I am not sure how to describe typical Korean fashion in Seoul, but I noticed that my kind of style almost fits right in. Seoulites like to dress up. There are mirrors everywhere for you to keep check of your look, and you’ll see girls sitting on the subway with a roller in their fringe. I notice Korean women figured out the secrets of midi skirts long before I did. They make my short height look much better, hide my chonky legs and accentuate my smaller waist, not to mention they’re super airy in heat.

Street fashion can lean towards the sporty side, with many young people sporting all-black items from head to toe. I am told this can also be called ‘techwear’ where function meets fashion.

On the other end of the spectrum, there is the truly lazy, yet smartly put-together look – think oversized shirt meets loose trousers. Or a large jumper thrown on over jeans. Maybe a large pink cardigan over a pretty, frilly floral dress and boots. My lecturers here happen to really like giant shirts or shirt-dresses over their work trousers.


What I like about shopping in Korea so far is the number of small shops which still have quality items. I love how many smaller stores will have sale racks with things I actually want to buy! My skirt and top for my Fashion Week outfit were both bought in Seoul, at 10,000won each! In pounds, that’s under £14. crazy, right? Of course, there’s expensive items too, but a bit of hunting never hurt.

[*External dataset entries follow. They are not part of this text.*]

Lemma kernel_weights_on (S : seq (int * int)) (d : int * int -> R) (t : R) (X Y : C) :
  S \in [:: S1; S2; S3; S4; S5] -> kernel S d t X Y = kernel S5 (weights_on S d) t X Y.
Proof.
rewrite !inE => /or4P[/eqP->|/eqP->|/eqP->|/orP[/eqP->|/eqP->]];
  by rewrite /kernel /weights_on !big_cons !big_nil /= !toCE ?rmorph0 ?mul0r ?add0r.
Qed.

Lemma kernel_S5E (w : int * int -> R) (t : R) (X Y : C) :
  kernel S5 w t X Y = X * Y - toC t * (toC (w (1, -1)) * X ^+ 2 + toC (w (-1, 1)) * Y ^+ 2
    + toC (w (1, 0)) * X ^+ 2 * Y + toC (w (0, 1)) * X * Y ^+ 2 + toC (w (1, 1)) * X ^+ 2 * Y ^+ 2).
Proof.
rewrite /kernel !big_cons big_nil /=.
rewrite (_ : 1 + 1 = 2%:Z) // (_ : -1 + 1 = 0%:Z) // (_ : 0 + 1 = 1%:Z) // -!exprnP.
ring.
Qed.

Definition swap_step (st : int * int) : int * int := (st.2, st.1).

Lemma kernel_S5_swap (w : int * int -> R) (t : R) (X Y : C) :
  kernel S5 w t X Y = kernel S5 (w \o swap_step) t Y X.
Proof. rewrite !kernel_S5E /=; ring. Qed.

Section Diagonal.
Variables (w : int * int -> R) (t : R).
Hypotheses (t_gt0 : 0 < t) (w_ge0 : forall st, 0 <= w st) (w_gt0 : 0 < w (1, -1))
  (w_off_gt0 : 0 < w (1, 0) + w (0, 1) + w (1, 1)).

Lemma kernel_S5_diag_poly (k : R) :
  exists2 P : {poly C}, P != 0 & forall X, kernel S5 w t X (toC k * X) = P.[X].
Proof.
pose c0 := k - t * (w (1, -1) + w (-1, 1) * k ^+ 2).
pose c1 := t * k * (w (1, 0) + w (0, 1) * k).
pose c2 := t * w (1, 1) * k ^+ 2.
exists (Poly [:: 0; 0; toC c0; - toC c1; - toC c2]); last first.
  by move=> X; rewrite kernel_S5E horner_Poly /= /c0 /c1 /c2 !toCE; ring.
have coefs_neq0 : ~ [/\ c0 = 0, c1 = 0 & c2 = 0].
  move=> [/eqP c00 /eqP c10 /eqP c20].
  (* [c0 = 0] forces [k > 0], and then [c1], [c2] are sums of nonnegative terms. *)
  have k_gt0 : 0 < k.
    move: c00; rewrite subr_eq0 => /eqP->; apply: mulr_gt0 => //.
    by apply: ltr_wpDr => //; apply: mulr_ge0 => //; apply: sqr_ge0.
  move: c10 c20; rewrite /c1 /c2 !mulf_eq0 !(gt_eqF t_gt0) !(gt_eqF k_gt0) /=.
  rewrite orbF paddr_eq0 ?mulr_ge0 ?w_ge0 ?ltW // mulf_eq0 (gt_eqF k_gt0) orbF.
  move=> /andP[/eqP w10 /eqP w01] /eqP w11.
  by move: w_off_gt0; rewrite w10 w01 w11 !addr0 ltxx.
apply/eqP => P0; apply: coefs_neq0.
have coefP0 i : [:: 0; 0; toC c0; - toC c1; - toC c2]`_i = 0 by rewrite -coef_Poly P0 coef0.
move: (coefP0 2%N) (coefP0 3%N) (coefP0 4%N) => /= /eqP + /eqP + /eqP.
by rewrite !oppr_eq0 !toCE !fmorph_eq0 => /eqP ? /eqP ? /eqP.
Qed.

Lemma kernel_S5_off_line (x y : C -> C) (k : R) :
  is_ratfun x -> is_ratfun y -> nonconst x ->
  eq_cofin (fun s => kernel S5 w t (x s) (y s)) (fun _ => 0) ->
  cofinitely (fun s => y s != toC k * x s).
Proof.
move=> rx ry nx ker0.
have [yE|//] := ratfun_eq_or_neq ry (is_ratfun_scale (toC k) rx).
have [P P0 PE] := kernel_S5_diag_poly k.
case: (nonconst_ratfun_not_root rx nx P0).
by apply: cofinitely_mono (cofinitely_and ker0 yE) => s [<- ->]; rewrite PE.
Qed.

Lemma kernel_S5_ratio_neq0 (x y : C -> C) (al c : R) :
  is_ratfun x -> is_ratfun y -> nonconst x -> c != 0 ->
  eq_cofin (fun s => kernel S5 w t (x s) (y s)) (fun _ => 0) ->
  cofinitely (fun s => toC al / x s - toC c / y s != 0).
Proof.
move=> rx ry nx c0 ker0.
apply: cofinitely_mono (kernel_S5_off_line (c / al) rx ry nx ker0) => s ys.
by apply: line_ratio_neq0; rewrite !toCE ?fmorph_eq0 // -fmorph_div.
Qed.

End Diagonal.

Lemma diag_steps_in (S : seq (int * int)) :
  S \in [:: S1; S2; S3; S4; S5] -> (1, -1) \in S /\ (-1, 1) \in S.
Proof. by rewrite !inE => /or4P[/eqP->|/eqP->|/eqP->|/orP[/eqP->|/eqP->]]. Qed.

Lemma weights_on_ge0 (S : seq (int * int)) (d : int * int -> R) :
  (forall st, st \in S -> 0 < d st) -> forall st, 0 <= weights_on S d st.
Proof. by move=> d_gt0 st; rewrite /weights_on; case: ifP => // /d_gt0/ltW. Qed.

I also love that most of the items I see are my kind of style, so I can actually see myself wearing them! Sometimes I find fashion at home to be a little too much for me or not quite my aesthetic in other ways.


Since Seoul is the capital city, it makes sense that there’s far more than one hotspot to shop. In Seoul, I’ve loved shopping at Hongdae, Edae and there’s more, like Myeongdong! In Birmingham, I’ve not really found much cause to shop outside of the city centre, because all the shops are the same. Here, I don’t HAVE to go into Zara or H&M to find something that I want to wear.

That said, as fun as it is to be fashionable in Seoul, it has its drawbacks. For one, the body acceptance movement hasn’t really made it here. Many clothes outside of the big chain fashion stores will only stock one size, which will fit if you’re lucky enough. Oversized is also a happening trend right now, so you can fit into more than you’d expect. I can’t even try my chances in denim jeans, but I am lucky enough to fit into most tops and skirts (if they’re not pencil or mini).


In hindsight, there were a myriad of ways that I could have elevated my own outfit more so that it was worthy of Fashion Week. I think my hair was fine, but letting it down and wearing a matching hat might have been more fitting, and showed off the purple colour more although it might have hidden my neck. A low side pony might have been good. A more off-shoulder top would have been perfect as well.


Fashion Week was a surreal experience, and I know I’ve only touched the surface of it despite being right there! I hope the next fashion week isn’t right around midterm exams like they were this time, and that I’ll be able to attend more days. I felt so inspired by going, and it’s really encouraged me to improve my ensembles going forward. There’s so much that I can try out!